◆ TASK TO COMPLETE
The data must be returned in full, with no character altered.

***

(* Say that updated values flow rightwards across the edge {t, t+1} (flowR) when
   cell t is updated strictly before t+1, and leftwards (flowL) when t+1 is updated
   strictly before t; these are the ⊖-labels of the arcs (t, t+1) and (t+1, t).
   Under rule 128 a cell ends in state 1 as soon as the initial configuration is 1
   on a window [s, e+1] into which no new value flows (no flowR at s, no flowL at e),
   while a flowR at k makes the new value of k+1 depend on the initial value of k-1.
   Running both schedules on the configuration that is 0 only at k-1 shows that if
   flowR holds at k for one schedule only, the other one has flowL on the n-3 edges
   ahead of k; symmetrically for flowL, behind k.  Hence flowR and flowL of the two
   schedules never meet on an edge, a flowR-difference forces flowL and rules out
   flowR-differences on the n-3 edges ahead of it, and a flowL-difference rules out
   flowL on the n-3 edges behind it.  For n > 6 two windows of length n-3 on the
   n-cycle overlap, so at most one arc label differs. *)

Definition flowR (n : nat) (D : seq {set 'I_n}) (i : 'I_n) : bool := blk D i < blk D (ordS i).
Definition flowL (n : nat) (D : seq {set 'I_n}) (i : 'I_n) : bool := blk D (ordS i) < blk D i.

Section Schedule.
Variables (n : nat) (D : seq {set 'I_n}).
Hypothesis HD : is_schedule D.

Lemma count_blk i : count (fun B : {set 'I_n} => i \in B) D = 1.
Proof. by case/andP: HD => _ /forallP /(_ i) /eqP. Qed.

Lemma blk_lt_size i : blk D i < size D.
Proof. by rewrite /blk -has_find has_count count_blk. Qed.

Lemma mem_nth_blk i t : t < size D -> (i \in nth set0 D t) = (blk D i == t).
Proof.
move=> t_lt; apply/idP/eqP => [i_t | <-]; last first.
  by apply: (nth_find set0 (a := fun B : {set 'I_n} => i \in B)); rewrite has_find blk_lt_size.
have none_before : ~~ has (fun B : {set 'I_n} => i \in B) (take t D).
  move: (count_blk i); rewrite -{1}(cat_take_drop t D) count_cat (drop_nth set0 t_lt) /= i_t.
  by rewrite has_count; lia.
rewrite has_take ?has_find ?blk_lt_size // -leqNgt in none_before.
apply/eqP; rewrite eqn_leq none_before andbT leqNgt.
by apply/negP => /(before_find set0); rewrite i_t.
Qed.

Lemma schedF_take_succ x t i : schedF (take t.+1 D) x i =
  if blk D i == t then f128 (schedF (take t D) x) i else schedF (take t D) x i.
Proof.
case: (ltnP t (size D)) => [t_lt | t_ge].
  by rewrite /schedF (take_nth set0 t_lt) foldl_rcons /blockUpd ffunE mem_nth_blk.
have /ltn_eqF -> : blk D i < t by apply: leq_trans (blk_lt_size i) t_ge.
by rewrite !take_oversize // ltnW.
Qed.

Lemma schedF_take x t i :
  schedF (take t D) x i = if blk D i < t then schedF D x i else x i.
Proof.
have [t_le | lt_t] := leqP t (blk D i).
  elim: t t_le => [|t IH] t_le; first by rewrite take0.
  by rewrite schedF_take_succ gtn_eqF // IH // ltnW.
suff final : forall t', blk D i < t' ->
    schedF (take t' D) x i = schedF (take (blk D i).+1 D) x i.
  by rewrite final // -[in RHS](take_size D) final ?blk_lt_size.
elim=> // t' IH; rewrite ltnS leq_eqVlt => /predU1P [<- // | lt_t'].
by rewrite schedF_take_succ ltn_eqF // IH.
Qed.

Lemma schedF_cell x i : schedF D x i =
  [&& x i, (if flowR D (ord_pred i) then schedF D x (ord_pred i) else x (ord_pred i))
         & (if flowL D i then schedF D x (ordS i) else x (ordS i))].
Proof.
have last_step : schedF D x i = f128 (schedF (take (blk D i) D) x) i.
  by have := schedF_take x (blk D i).+1 i; rewrite ltnSn schedF_take_succ eqxx => ->.
by rewrite last_step /f128 ffunE !schedF_take ltnn /flowR ord_predK andbCA.
Qed.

***

◆ OUTPUT
(* Say that updated values flow rightwards across the edge {t, t+1} (flowR) when
   cell t is updated strictly before t+1, and leftwards (flowL) when t+1 is updated
   strictly before t; these are the ⊖-labels of the arcs (t, t+1) and (t+1, t).
   Under rule 128 a cell ends in state 1 as soon as the initial configuration is 1
   on a window [s, e+1] into which no new value flows (no flowR at s, no flowL at e),
   while a flowR at k makes the new value of k+1 depend on the initial value of k-1.
   Running both schedules on the configuration that is 0 only at k-1 shows that if
   flowR holds at k for one schedule only, the other one has flowL on the n-3 edges
   ahead of k; symmetrically for flowL, behind k.  Hence flowR and flowL of the two
   schedules never meet on an edge, a flowR-difference forces flowL and rules out
   flowR-differences on the n-3 edges ahead of it, and a flowL-difference rules out
   flowL on the n-3 edges behind it.  For n > 6 two windows of length n-3 on the
   n-cycle overlap, so at most one arc label differs. *)

Definition flowR (n : nat) (D : seq {set 'I_n}) (i : 'I_n) : bool := blk D i < blk D (ordS i).
Definition flowL (n : nat) (D : seq {set 'I_n}) (i : 'I_n) : bool := blk D (ordS i) < blk D i.

Section Schedule.
Variables (n : nat) (D : seq {set 'I_n}).
Hypothesis HD : is_schedule D.

Lemma count_blk i : count (fun B : {set 'I_n} => i \in B) D = 1.
Proof. by case/andP: HD => _ /forallP /(_ i) /eqP. Qed.

Lemma blk_lt_size i : blk D i < size D.
Proof. by rewrite /blk -has_find has_count count_blk. Qed.

Lemma mem_nth_blk i t : t < size D -> (i \in nth set0 D t) = (blk D i == t).
Proof.
move=> t_lt; apply/idP/eqP => [i_t | <-]; last first.
  by apply: (nth_find set0 (a := fun B : {set 'I_n} => i \in B)); rewrite has_find blk_lt_size.
have none_before : ~~ has (fun B : {set 'I_n} => i \in B) (take t D).
  move: (count_blk i); rewrite -{1}(cat_take_drop t D) count_cat (drop_nth set0 t_lt) /= i_t.
  by rewrite has_count; lia.
rewrite has_take ?has_find ?blk_lt_size // -leqNgt in none_before.
apply/eqP; rewrite eqn_leq none_before andbT leqNgt.
by apply/negP => /(before_find set0); rewrite i_t.
Qed.

Lemma schedF_take_succ x t i : schedF (take t.+1 D) x i =
  if blk D i == t then f128 (schedF (take t D) x) i else schedF (take t D) x i.
Proof.
case: (ltnP t (size D)) => [t_lt | t_ge].
  by rewrite /schedF (take_nth set0 t_lt) foldl_rcons /blockUpd ffunE mem_nth_blk.
have /ltn_eqF -> : blk D i < t by apply: leq_trans (blk_lt_size i) t_ge.
by rewrite !take_oversize // ltnW.
Qed.

Lemma schedF_take x t i :
  schedF (take t D) x i = if blk D i < t then schedF D x i else x i.
Proof.
have [t_le | lt_t] := leqP t (blk D i).
  elim: t t_le => [|t IH] t_le; first by rewrite take0.
  by rewrite schedF_take_succ gtn_eqF // IH // ltnW.
suff final : forall t', blk D i < t' ->
    schedF (take t' D) x i = schedF (take (blk D i).+1 D) x i.
  by rewrite final // -[in RHS](take_size D) final ?blk_lt_size.
elim=> // t' IH; rewrite ltnS leq_eqVlt => /predU1P [<- // | lt_t'].
by rewrite schedF_take_succ ltn_eqF // IH.
Qed.

Lemma schedF_cell x i : schedF D x i =
  [&& x i, (if flowR D (ord_pred i) then schedF D x (ord_pred i) else x (ord_pred i))
         & (if flowL D i then schedF D x (ordS i) else x (ordS i))].
Proof.
have last_step : schedF D x i = f128 (schedF (take (blk D i) D) x) i.
  by have := schedF_take x (blk D i).+1 i; rewrite ltnSn schedF_take_succ eqxx => ->.
by rewrite last_step /f128 ffunE !schedF_take ltnn /flowR ord_predK andbCA.
Qed.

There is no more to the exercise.